-- EXTRACTED DATA follows --

Lemma taylor2_Lagrange (f0 f1 f2 f3 : R -> R) (t : R) :
  (forall s : R, is_derive s 1 f0 (f1 s)) ->
  (forall s : R, is_derive s 1 f1 (f2 s)) ->
  (forall s : R, is_derive s 1 f2 (f3 s)) ->
  exists s, `|s| <= `|t| /\
    f0 t - f0 0 - (f1 0 * t + 2^-1 * f2 0 * t ^+ 2) = f3 s * t ^+ 3 / 6.
Proof.
move=> D0 D1 D2.
have [->|t0] := eqVneq t 0.
  by exists 0; split => //; rewrite !expr0n /= !mulr0 mul0r !subrr addr0 subrr.
have t3_neq0 : t ^+ 3 != 0 by rewrite expf_neq0.
(* The constant C makes h vanish at t as well as at 0; then Rolle is applied
   to h, h' and h'' in turn. *)
set C := (f0 t - f0 0 - (f1 0 * t + 2^-1 * f2 0 * t ^+ 2)) / t ^+ 3.
pose h s := f0 s - f0 0 - (f1 0 * s + 2^-1 * f2 0 * s ^+ 2) - C * s ^+ 3.
pose h1 s := f1 s - (f1 0 + f2 0 * s) - C * (3 * s ^+ 2).
pose h2 s := f2 s - f2 0 - C * (6 * s).
pose h3 s := f3 s - C * 6.
have Dh (u : R) : is_derive u 1 h (h1 u).
  by apply: is_derive_eq; rewrite /h1 /GRing.scale /=; field; rewrite ?pnatr_eq0.
have Dh1 (u : R) : is_derive u 1 h1 (h2 u).
  by apply: is_derive_eq; rewrite /h2 /GRing.scale /=; field; rewrite ?pnatr_eq0.
have Dh2 (u : R) : is_derive u 1 h2 (h3 u).
  by apply: is_derive_eq; rewrite /h3 /GRing.scale /=; field; rewrite ?pnatr_eq0.
have [c1 [c1_neq0 c1t h1c1]] : exists c, [/\ c != 0, `|c| <= `|t| & h1 c = 0].
  apply: (Rolle_origin t0 Dh).
  by rewrite /h /C; field; rewrite ?t0 ?expf_neq0 ?pnatr_eq0.
have [c2 [c2_neq0 c2c1 h2c2]] : exists c, [/\ c != 0, `|c| <= `|c1| & h2 c = 0].
  by apply: (Rolle_origin c1_neq0 Dh1); rewrite h1c1 /h1; field.
have [s [_ sc2 h3s]] : exists c, [/\ c != 0, `|c| <= `|c2| & h3 c = 0].
  by apply: (Rolle_origin c2_neq0 Dh2); rewrite h2c2 /h2; field.
exists s; split; first by rewrite (le_trans sc2) // (le_trans c2c1).
move/eqP: h3s; rewrite /h3 subr_eq0 => /eqP ->.
by rewrite /C; field; rewrite ?t0 ?expf_neq0 ?pnatr_eq0.
Qed.

Lemma derive1_is_derive (f df : R -> R) :
  (forall t : R, is_derive t 1 f (df t)) -> derive1 f = df.
Proof. by move=> Df; apply/funext => t; rewrite derive1E; case: (Df t). Qed.

Lemma convex_on_R_derive2_ge0 (f f1 f2 : R -> R) :
  (forall t : R, is_derive t 1 f (f1 t)) -> (forall t : R, is_derive t 1 f1 (f2 t)) ->
  (forall t, 0 <= f2 t) -> convex_on_R f.
Proof.
move=> Df Df1 f2_ge0.
have D1 (g dg : R -> R) : (forall t : R, is_derive t 1 g (dg t)) -> 'D_1 g = dg.
  by move=> Dg; apply/funext => r; case: (Dg r).
have f_cont : continuous f.
  by move=> r; apply/differentiable_continuous/derivable1_diffP; case: (Df r).
have conv_le x y (l : {i01 R}) : x <= y ->
    (f : R -> R^o) (conv l (x : R^o) y) <= conv l (f x : R^o) (f y).
  move=> xy; apply: second_derivative_convex => //.
  - by move=> z _; rewrite (D1 _ _ Df); case: (Df1 z) => _ ->.
  - exact/cvg_at_left_filter/f_cont.
  - exact/cvg_at_right_filter/f_cont.
  - by move=> z _; rewrite (D1 _ _ Df); case: (Df1 z).
move=> x y l l0 l1.
have [xy|yx] := leP x y; first by have := conv_le x y (Itv01 l0 l1) xy; rewrite !convRE.
have l0' : 0 <= 1 - l by rewrite subr_ge0.
have l1' : 1 - l <= 1 by rewrite gerBl.
have := conv_le y x (Itv01 l0' l1') (ltW yx); rewrite !convRE /=.
have -> : unstable.onem (1 - l) = l by rewrite /unstable.onem; ring.
by rewrite addrC [X in _ <= X]addrC.
Qed.

End RealDerivatives.

Section DeriveRules.
Variable R : realType.
Implicit Types (f g : R -> R) (df dg x : R).

Lemma is_derive1_mul f g df dg x : is_derive x 1 f df -> is_derive x 1 g dg ->
  is_derive x 1 (fun y => f y * g y) (df * g x + f x * dg).
Proof.
move=> Df Dg; have := is_deriveM Df Dg.
have -> : (f * g) = (fun y => f y * g y) by apply/funext.
by rewrite /GRing.scale /= addrC mulrC [f x * _]mulrC.
Qed.

Lemma is_derive1_div f g df dg x : g x != 0 ->
  is_derive x 1 f df -> is_derive x 1 g dg ->
  is_derive x 1 (fun y => f y / g y) ((df * g x - f x * dg) / g x ^+ 2).
Proof.
move=> gx0 Df Dg; apply: is_derive_eq (is_derive1_mul Df (is_deriveV gx0 Dg)) _.
by rewrite /GRing.scale /=; field.
Qed.

Lemma is_derive1_expRM (b x : R) :
  is_derive x 1 (fun y => expR (b * y)) (b * expR (b * x)).
Proof.
have := @is_derive1_comp R expR (fun y => b * y) x (expR (b * x)) b.
rewrite [_ * b]mulrC; apply.
have : is_derive x 1 (fun y : R => b * y) (b * 1) by exact: is_deriveZ.
by rewrite mulr1.
Qed.

Lemma is_derive1_lnf f df x : 0 < f x -> is_derive x 1 f df ->
  is_derive x 1 (fun y => ln (f y)) (df / f x).
Proof.
move=> fx_gt0 Df; have := @is_derive1_comp R (@ln R) f x (f x)^-1 df.
by rewrite mulrC; apply => //; exact: is_derive1_ln.
Qed.

End DeriveRules.

Section WeightedMoments.
Variables (R : realFieldType) (n : nat) (p x : 'I_n -> R).
Hypotheses (p_ge0 : forall i, 0 <= p i) (sum_p1 : \sum_(i < n) p i = 1).

Lemma weighted_sumB c : \sum_(i < n) p i * (x i - c) = \sum_(i < n) p i * x i - c.
Proof.
rewrite (eq_bigr (fun i => p i * x i - c * p i)); last by move=> i _; ring.
by rewrite sumrB -mulr_sumr sum_p1 mulr1.
Qed.

Lemma weighted_sum_sqrB c : \sum_(i < n) p i * (x i - c) ^+ 2 =
  \sum_(i < n) p i * x i ^+ 2 - 2 * c * \sum_(i < n) p i * x i + c ^+ 2.
Proof.
transitivity (\sum_(i < n) (p i * x i ^+ 2 + (- (2 * c)) * (p i * x i) + c ^+ 2 * p i)).
  by apply: eq_bigr => i _; ring.
by rewrite !big_split /= -!mulr_sumr sum_p1; ring.
Qed.

Lemma weighted_sum_cubeB c : \sum_(i < n) p i * (x i - c) ^+ 3 =
  \sum_(i < n) p i * x i ^+ 3 - 3 * c * \sum_(i < n) p i * x i ^+ 2
  + 3 * c ^+ 2 * \sum_(i < n) p i * x i - c ^+ 3.
Proof.
transitivity (\sum_(i < n) (p i * x i ^+ 3 + (- (3 * c)) * (p i * x i ^+ 2)
   + (3 * c ^+ 2) * (p i * x i) + (- c ^+ 3) * p i)).
  by apply: eq_bigr => i _; ring.
by rewrite !big_split /= -!mulr_sumr sum_p1; ring.
Qed.

Lemma weighted_sum_sqrB_mean c : \sum_(i < n) p i * (x i - c) ^+ 2 =
  \sum_(i < n) p i * (x i - \sum_(j < n) p j * x j) ^+ 2
  + (\sum_(j < n) p j * x j - c) ^+ 2.
Proof. by rewrite !weighted_sum_sqrB; ring. Qed.

Lemma norm_weighted_sumB_le c M : (forall i, `|x i - c| <= M) ->
  `|\sum_(i < n) p i * x i - c| <= M.
Proof.
move=> x_near; rewrite -weighted_sumB.
apply: le_trans (ler_norm_sum _ _ _) _.
apply: le_trans (_ : \sum_(i < n) p i * M <= _); last by rewrite -mulr_suml sum_p1 mul1r.
by apply: ler_sum => i _; rewrite normrM ger0_norm // ler_wpM2l.
Qed.

Lemma weighted_sum_sqr_le c D : (forall i, `|x i - c| <= D) ->
  \sum_(i < n) p i * (x i - c) ^+ 2 <= D ^+ 2.
Proof.
move=> x_near.
apply: le_trans (_ : \sum_(i < n) p i * D ^+ 2 <= _); last by rewrite -mulr_suml sum_p1 mul1r.
apply: ler_sum => i _; rewrite ler_wpM2l //.
have := x_near i; have := normr_ge0 (x i - c); rewrite -real_normK ?num_real //; nra.
Qed.

Lemma norm_weighted_sum_cube_le c D : (forall i, `|x i - c| <= D) ->
  `|\sum_(i < n) p i * (x i - c) ^+ 3| <= D * \sum_(i < n) p i * (x i - c) ^+ 2.
Proof.
move=> x_near; apply: le_trans (ler_norm_sum _ _ _) _; rewrite mulr_sumr.
apply: ler_sum => i _.
rewrite normrM ger0_norm // exprS normrM [`|_ ^+ 2|]ger0_norm ?sqr_ge0 //.
have := x_near i; have : 0 <= p i * (x i - c) ^+ 2 by rewrite mulr_ge0 ?sqr_ge0.
nra.
Qed.

End WeightedMoments.

Section LogSumExp.
Variables (R : realType) (n : nat) (w a : 'I_n -> R).
Hypotheses (w_ge0 : forall i, 0 <= w i) (w_neq0 : exists i, w i != 0).
Implicit Types (k : nat) (s t : R).

Definition expmoment (k : nat) (t : R) : R :=
  \sum_(i < n) w i * a i ^+ k * expR (a i * t).
Local Notation S := expmoment.

Lemma expmoment0_gt0 t : 0 < S 0 t.
Proof.
have [i0 wi0_neq0] := w_neq0.
have wi0_gt0 : 0 < w i0 by rewrite lt_def wi0_neq0 w_ge0.
rewrite /S (bigD1 i0) //= expr0 mulr1 ltr_wpDr ?mulr_gt0 ?expR_gt0 //.
by apply: sumr_ge0 => i _; rewrite expr0 mulr1 mulr_ge0 ?expR_ge0.
Qed.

-- EXTRACTED DATA concluded --

*BRIEF*
Exact reproduction is required: output the lines from the start of the entries above through the line with "by exists 0;".

*TASK OUTPUT*
Lemma taylor2_Lagrange (f0 f1 f2 f3 : R -> R) (t : R) :
  (forall s : R, is_derive s 1 f0 (f1 s)) ->
  (forall s : R, is_derive s 1 f1 (f2 s)) ->
  (forall s : R, is_derive s 1 f2 (f3 s)) ->
  exists s, `|s| <= `|t| /\
    f0 t - f0 0 - (f1 0 * t + 2^-1 * f2 0 * t ^+ 2) = f3 s * t ^+ 3 / 6.
Proof.
move=> D0 D1 D2.
have [->|t0] := eqVneq t 0.
  by exists 0; split => //; rewrite !expr0n /= !mulr0 mul0r !subrr addr0 subrr.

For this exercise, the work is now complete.